On 06/02/2016 10:41 AM, Rajkumar Manoharan wrote:
> On 2016-06-02 22:53, Ben Greear wrote:
>> On 06/02/2016 10:03 AM, Manoharan, Rajkumar wrote:
>>> On Thursday, June 2, 2016 8:51 PM, Ben Greear <greearb@candelatech.com> wrote:
>>>> On 06/02/2016 07:24 AM, Valo, Kalle wrote:
>>>>> Kalle Valo <kvalo@qca.qualcomm.com> writes:
>>>>>
>>>>>> there's a regression in ath10k:
>>>>>>
>>>>>> https://bugzilla.kernel.org/show_bug.cgi?id=119151
>>>>>>
>>>>>> Reporter bisected it to this:
>>>>>>
>>>>>> 5c86d97bcc1d42ce7f75685a61be4dad34ee8183 is the first bad commit
>>>>>> commit 5c86d97bcc1d42ce7f75685a61be4dad34ee8183
>>>>>> Author: Rajkumar Manoharan <rmanohar@qti.qualcomm.com>
>>>>>> Date:   Tue Mar 22 17:22:19 2016 +0530
>>>>>>
>>>>>> ath10k: combine txrx and replenish task
>>>>>>
> [...]
>
>>>> I found a lot of problems with this code as well, and the 5 patches
>>>> starting from the URL below fixed the issues for me.
>>>>
>>> Ben,
>>>
>>> Can you please explain the sort of issues you have observed with this change?
>>
>> I imported a bunch of upstream patches at once, so not sure exactly what commit
>> caused it.  And, this was about 2 months ago...  Upon review, I'm not
>> sure I even have
>> the patch this particular bug was bisected to, so maybe that is some
>> other issue.
>>
> Please keep track of buggy commit and report them asap.
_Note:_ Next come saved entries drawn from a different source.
(* Let $A\in\mathbb{R}^{n\times n}$ be stable and Metzler. Let $\mathcal{C}_1,\dots,\mathcal{C}_r$ be nonempty, pairwise disjoint subsets of $\{1,\dots,n\}$ whose union is $\{1,\dots,n\}$, let $\Pi\in\mathbb{R}^{n\times r}$ with $\Pi_{ij}=1$ if $i\in\mathcal{C}_j$ and $0$ otherwise, let $\alpha\ge 0$, and let $A_r^{(0)}:=(\Pi^\top\Pi)^{-1}\Pi^\top A\Pi-\alpha I_r$ be stable and irreducible. Let $\mu_1$ be the real eigenvalue of $A_r^{(0)}$ with $\mu_1<0$ and ${\rm Re}(\mu)<\mu_1$ for every other eigenvalue $\mu$ of $A_r^{(0)}$, and let $v_1,w_1$ be positive vectors with $A_r^{(0)}v_1=\mu_1 v_1$, $w_1^\top A_r^{(0)}=\mu_1 w_1^\top$, $w_1^\top v_1=1$. For any real $\epsilon>0$ with $\mu_1+\epsilon\le 0$, define $$\bar{A}_r:=A_r^{(0)}-(\mu_1+\epsilon)v_1w_1^\top .$$ Then for any real $\gamma>0$ satisfying $-\gamma I_r\le A_r^{(0)}$ (entrywise), every matrix in $$S_{A_r}(A_r^{(0)},\epsilon,\gamma):=\{A_r\in\mathbb{R}^{r\times r}\,:\,-\gamma I_r\le A_r\le \bar{A}_r\}$$ is stable and Metzler, and $A_r^{(0)}\in S_{A_r}(A_r^{(0)},\epsilon,\gamma)$. Moreover, for every $A_r\in S_{A_r}(A_r^{(0)},\epsilon,\gamma)$, the real parts of all eigenvalues of $A_r$ are less than or equal to $-\epsilon$.
   Context: For matrices $M,N$ of the same size, $M\le N$ means $M_{ij}\le N_{ij}$ for all $(i,j)$. A matrix is stable if all its eigenvalues have negative real part, and Metzler if all its off-diagonal entries are nonnegative. $A_r^{(0)}$ irreducible means the directed graph on $\{1,\dots,r\}$ with an edge $i\to j$ whenever $i\ne j$ and $(A_r^{(0)})_{ij}\ne 0$ is strongly connected. (Such $\mu_1,v_1,w_1$ exist under these hypotheses.) *)

(* reals modelled by an arbitrary real closed field R,
   complex numbers by R[i] (mathcomp-real-closed). *)
From HB Require Import structures.
From mathcomp Require Import all_boot all_order all_algebra.
From mathcomp Require Import complex.
Set Implicit Arguments. Unset Strict Implicit. Unset Printing Implicit Defensive.
Import Order.TTheory GRing.Theory Num.Theory.
Local Open Scope ring_scope.

Definition cmx (R : rcfType) (m n : nat) (A : 'M[R]_(m, n)) : 'M[R[i]]_(m, n) :=
  map_mx (real_complex R) A.

Definition ceig (R : rcfType) (n : nat) (A : 'M[R]_n) (z : R[i]) : bool :=
  eigenvalue (cmx A) z.

Definition stable (R : rcfType) (n : nat) (A : 'M[R]_n) : Prop :=
  forall z : R[i], ceig A z -> complex.Re z < 0.

Definition metzler (R : rcfType) (n : nat) (A : 'M[R]_n) : Prop :=
  forall i j : 'I_n, i != j -> 0 <= A i j.

Definition mxle (R : rcfType) (m n : nat) (M N : 'M[R]_(m, n)) : Prop :=
  forall i j, M i j <= N i j.

Definition mx_irreducible (R : rcfType) (n : nat) (A : 'M[R]_n) : Prop :=
  forall i j : 'I_n, connect (fun k l : 'I_n => (k != l) && (A k l != 0)) i j.

Definition clustermx (R : rcfType) (n r : nat) (C : 'I_r -> {set 'I_n}) : 'M[R]_(n, r) :=
  \matrix_(i < n, j < r) (if i \in C j then 1 else 0).

Definition Ar0 (R : rcfType) (n r : nat) (A : 'M[R]_n) (C : 'I_r -> {set 'I_n}) (alpha : R)
  : 'M[R]_r :=
  let Pi := clustermx R C in
  invmx (Pi^T *m Pi) *m Pi^T *m A *m Pi - alpha%:M.

Definition in_S (R : rcfType) (r : nat) (Abar : 'M[R]_r) (gamma : R) (M : 'M[R]_r) : Prop :=
  mxle (- gamma%:M) M /\ mxle M Abar.

From HB Require Import structures.
From mathcomp Require Import all_boot all_order all_algebra.
From mathcomp Require Import complex.
Set Implicit Arguments.
Unset Strict Implicit.
Unset Printing Implicit Defensive.
Import Order.TTheory GRing.Theory Num.Theory.
Local Open Scope ring_scope.

(* The rank-one update keeps the positive eigenvector v1 of A_r^(0) but moves
   its eigenvalue from mu1 to -eps, so every A_r between -gamma I_r and Abar is
   Metzler with A_r v1 <= -eps v1 entrywise.  For a Metzler M, a positive v
   with M v <= lam v and a large enough shift g, N = M + g I is nonnegative;
   for a left eigenvector u of N with eigenvalue z,
   |z| sum_j |u_j| v_j <= sum_i |u_i| (N v)_i <= (lam + g) sum_i |u_i| v_i,
   so |z| <= lam + g, and shifting back gives Re z <= lam. *)

Section MetzlerSpectralBound.
Variables (R : rcfType) (r : nat).
Implicit Types (M N : 'M[R]_r) (v : 'cV[R]_r) (g lam : R) (z : R[i]).

Lemma mxle_mulmxr M N v :
  mxle M N -> (forall i, 0 <= v i 0) -> mxle (M *m v) (N *m v).
Proof.
move=> le_MN v_ge0 i k; rewrite (ord1 k) !mxE.
by apply: ler_sum => j _; rewrite ler_wpM2r.
Qed.

Lemma metzler_ge_scalar g M : mxle (- g%:M) M -> metzler M.
Proof.
by move=> le_gM i j ij; have := le_gM i j; rewrite !mxE (negbTE ij) oppr0.
Qed.

Lemma ceig_add_scalar M g z : ceig M z -> ceig (M + g%:M) (z + g%:C)%C.
Proof.
case/eigenvalueP=> u uM u_neq0; apply/eigenvalueP; exists u => //.
rewrite /cmx map_mxD map_scalar_mx mulmxDr -/(cmx M) uM mul_mx_scalar.
by rewrite scalerDl.
Qed.

Lemma ceig_norm_le_nonneg N v lam z :
  (forall i j, 0 <= N i j) -> (forall i, 0 < v i 0) ->
  mxle (N *m v) (lam *: v) -> ceig N z -> `|z| <= lam%:C%C.
Proof.
move=> N_ge0 v_gt0 Nv_le /eigenvalueP [u uN u_neq0].
pose S := \sum_j `|u 0 j| * (v j 0)%:C%C.
have S_gt0 : 0 < S.
  have [j uj_neq0] : exists j, u 0 j != 0.
    apply/existsP; move: u_neq0; apply: contraR.
    rewrite negb_exists => /forallP u0.
    by apply/eqP/matrixP => a b; rewrite (ord1 a) mxE; apply/eqP/negPn/u0.
  rewrite /S (bigD1 j) //= ltr_wpDr //.
    by apply: sumr_ge0 => k _; rewrite mulr_ge0 // ler0c ltW.
  by rewrite mulr_gt0 ?normr_gt0 // ltcR.
have zu j : z * u 0 j = \sum_i u 0 i * (N i j)%:C%C.
  move/matrixP: uN => /(_ 0 j); rewrite !mxE => <-.
  by apply: eq_bigr => i _; rewrite mxE.
have Nv_row i : \sum_j (N i j)%:C%C * (v j 0)%:C%C <= lam%:C%C * (v i 0)%:C%C.
  have -> : \sum_j (N i j)%:C%C * (v j 0)%:C%C = (\sum_j N i j * v j 0)%:C%C.
    by rewrite rmorph_sum; apply: eq_bigr => j _; rewrite rmorphM.
  by rewrite -rmorphM lecR; have := Nv_le i 0; rewrite !mxE.
rewrite -(ler_pM2r S_gt0) {1}/S mulr_sumr.
apply: (@le_trans _ _ (\sum_j \sum_i `|u 0 i| * (N i j)%:C%C * (v j 0)%:C%C)).
  apply: ler_sum => j _; rewrite mulrA -normrM zu -mulr_suml.
  apply: ler_wpM2r; first by rewrite ler0c ltW.
  apply: (le_trans (ler_norm_sum _ _ _)); apply: ler_sum => i _.
  by rewrite normrM (@ger0_norm _ (N i j)%:C%C) ?ler0c.
rewrite exchange_big /S mulr_sumr; apply: ler_sum => i _ /=.
under eq_bigr => j _ do rewrite -mulrA.
by rewrite -mulr_sumr mulrCA ler_wpM2l.
Qed.

Lemma metzler_ceig_Re_le M v lam z :
  metzler M -> (forall i, 0 < v i 0) ->
  mxle (M *m v) (lam *: v) -> ceig M z -> complex.Re z <= lam.
Proof.
move=> M_metzler v_gt0 Mv_le Mz.
pose g := \sum_i `|M i i|.
have N_ge0 i j : 0 <= (M + g%:M) i j.
  rewrite !mxE; case: eqVneq => [<-|/M_metzler]; last by rewrite addr0.
  have /andP[Mii_ge _] : - g <= M i i <= g.
    by rewrite -ler_norml /g (bigD1 i) //= lerDl sumr_ge0.
  by rewrite mulr1n -lerBlDr sub0r.
have Nv_le : mxle ((M + g%:M) *m v) ((lam + g) *: v).
  move=> i k; have := Mv_le i k.
  by rewrite mulmxDl mul_scalar_mx scalerDl !mxE lerD2r.
have := ceig_norm_le_nonneg N_ge0 v_gt0 Nv_le (ceig_add_scalar g Mz).
move=> /(le_trans (normc_ge_Re _)); rewrite lecR => /(le_trans (ler_norm _)).
by case: z {Mz} => a b /=; rewrite lerD2r.
Qed.

End MetzlerSpectralBound.

Lemma rank_one_update_eigvec (R : rcfType) (r : nat) (B : 'M[R]_r)
    (v w : 'cV[R]_r) (mu c : R) :
  B *m v = mu *: v -> w^T *m v = 1%:M ->
  (B - c *: (v *m w^T)) *m v = (mu - c) *: v.
Proof.
move=> Bv wv; rewrite mulmxBl Bv -scalemxAl -mulmxA wv mulmx1.
by rewrite scalerBl.
Qed.

Lemma mxle_sub_rank_one (R : rcfType) (r : nat) (B : 'M[R]_r)
    (v w : 'cV[R]_r) (c : R) :
  c <= 0 -> (forall i, 0 <= v i 0) -> (forall i, 0 <= w i 0) ->
  mxle B (B - c *: (v *m w^T)).
Proof.
move=> c_le0 v_ge0 w_ge0 i j; rewrite !mxE big_ord1 !mxE.
by rewrite lerDl -mulNr mulr_ge0 ?oppr_ge0 ?mulr_ge0.
Qed.

Theorem theorem1 (R : rcfType) (n r : nat) (A : 'M[R]_n)
  (C : 'I_r -> {set 'I_n}) (alpha : R)
  (mu1 : R) (v1 w1 : 'cV[R]_r) (eps gamma : R) :
  stable A -> metzler A ->
  (forall j, C j != set0) ->
  (forall j k, j != k -> [disjoint C j & C k]) ->
  (forall i : 'I_n, exists j, i \in C j) ->
  0 <= alpha ->
  stable (Ar0 A C alpha) -> mx_irreducible (Ar0 A C alpha) ->
  mu1 < 0 -> ceig (Ar0 A C alpha) (mu1%:C)%C ->
  (forall z : R[i], ceig (Ar0 A C alpha) z -> z != (mu1%:C)%C -> complex.Re z < mu1) ->
  (forall i, 0 < v1 i 0) -> (forall i, 0 < w1 i 0) ->
  Ar0 A C alpha *m v1 = mu1 *: v1 ->
  w1^T *m Ar0 A C alpha = mu1 *: w1^T ->
  w1^T *m v1 = 1%:M ->
  0 < eps -> mu1 + eps <= 0 ->
  0 < gamma -> mxle (- gamma%:M) (Ar0 A C alpha) ->
  let Abar := Ar0 A C alpha - (mu1 + eps) *: (v1 *m w1^T) in
  (forall M, in_S Abar gamma M -> stable M /\ metzler M) /\
  in_S Abar gamma (Ar0 A C alpha) /\
  (forall M, in_S Abar gamma M ->
     forall z : R[i], ceig M z -> complex.Re z <= - eps).
Proof.
move=> _ _ _ _ _ _ _ _ _ _ _ v1_gt0 w1_gt0 Bv1 _ w1v1 eps_gt0 mu1eps_le0 _ Ble.
move=> Abar.
have Abar_v1 : Abar *m v1 = - eps *: v1.
  by rewrite /Abar (rank_one_update_eigvec (mu1 + eps) Bv1 w1v1) opprD addNKr.
have Re_le M : in_S Abar gamma M ->
    forall z : R[i], ceig M z -> complex.Re z <= - eps.
  move=> [M_ge M_le] z.
  apply: (metzler_ceig_Re_le (metzler_ge_scalar M_ge) v1_gt0).
  by rewrite -Abar_v1; apply: mxle_mulmxr => // i; apply: ltW.
split; last split=> //.
  move=> M SM; split; last exact: metzler_ge_scalar SM.1.
  by move=> z /(Re_le M SM)/le_lt_trans; apply; rewrite oppr_lt0.
split=> //; apply: mxle_sub_rank_one => // i; exact: ltW.
Qed.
I posted to the list at the time.  When I was debugging this, there
were so many conflicting issues that it was hard to find a single
regression point.

>> But, the problems I saw were deadlocks and memory corruption.  A lot of it was
>> because I was debugging new firmware at the time and so peer creation
>> was failing
>> sometimes, and things like that.  The error handling in ath10k for this was
>> faulty and racy and such.  We have not seen any performance regressions,
>> but we mostly run on very powerful CPUs.
>>
>> Please take a look at those 5 patches.  A good review would be much appreciated,
>> and by reading them you will better be able to see the problems I was hitting
>> and trying to fix.
>>
> Below two patches are critical and I already shared my feedback.
>
> https://patchwork.kernel.org/patch/8727841/
> https://patchwork.kernel.org/patch/9073471/
>
> Others are LGTM.

Not sure what LGTM means.

This one fixes memory corruption:
http://dmz2.candelatech.com/?p=linux-4.4.dev.y/.git;a=blobdiff;f=drivers/net/wireless/ath/ath10k/htt_tx.c;h=58e88d392fb56a65304db17d11a9eaf0b0397dc7;hp=07b960e9704f509b3dddf1e45730e76a4c39e51e;hb=fddb6661a0f5772853fbb9feb7232f325d5f74c5;hpb=ed1757f8345064181664e4a62e2b917e694a665e

This one fixes use-after-free memory bugs:
http://dmz2.candelatech.com/?p=linux-4.4.dev.y/.git;a=blobdiff;f=drivers/net/wireless/ath/ath10k/mac.c;h=5e5cc9c6c1d82524b9b77a7c6d2c1341c5268732;hp=8783119b9ba84e0ddb292d521e6513bf7d68a40b;hb=5ae13cea64004afc673ecc22cd70ac51179168c6;hpb=fddb6661a0f5772853fbb9feb7232f325d5f74c5

As does this one:
http://dmz2.candelatech.com/?p=linux-4.4.dev.y/.git;a=blobdiff;f=drivers/net/wireless/ath/ath10k/mac.c;h=020dd25752224d9786da37a6dfd10a69e646b138;hp=5e5cc9c6c1d82524b9b77a7c6d2c1341c5268732;hb=c4b9566416a5e7b8d4c446d1bad34aabcbeff9f5;hpb=9bd9c11c1a2e61261c268ac2b6d791d4f6b6fe26

>
>> In case you want to look at the full context of those patches, you can find
>> them here (around 24 patches down from the top...)
>>
> Quite a big list :)
>
>> http://dmz2.candelatech.com/?p=linux-4.4.dev.y/.git;a=summary
>>
>> For now, I am sticking with 4.4 + what I pulled in, but will rebase
>> against upstream someday
>> soon-ish and then we can start testing it all over again :)
>>
> Will go through the list. Better to post them to public if not.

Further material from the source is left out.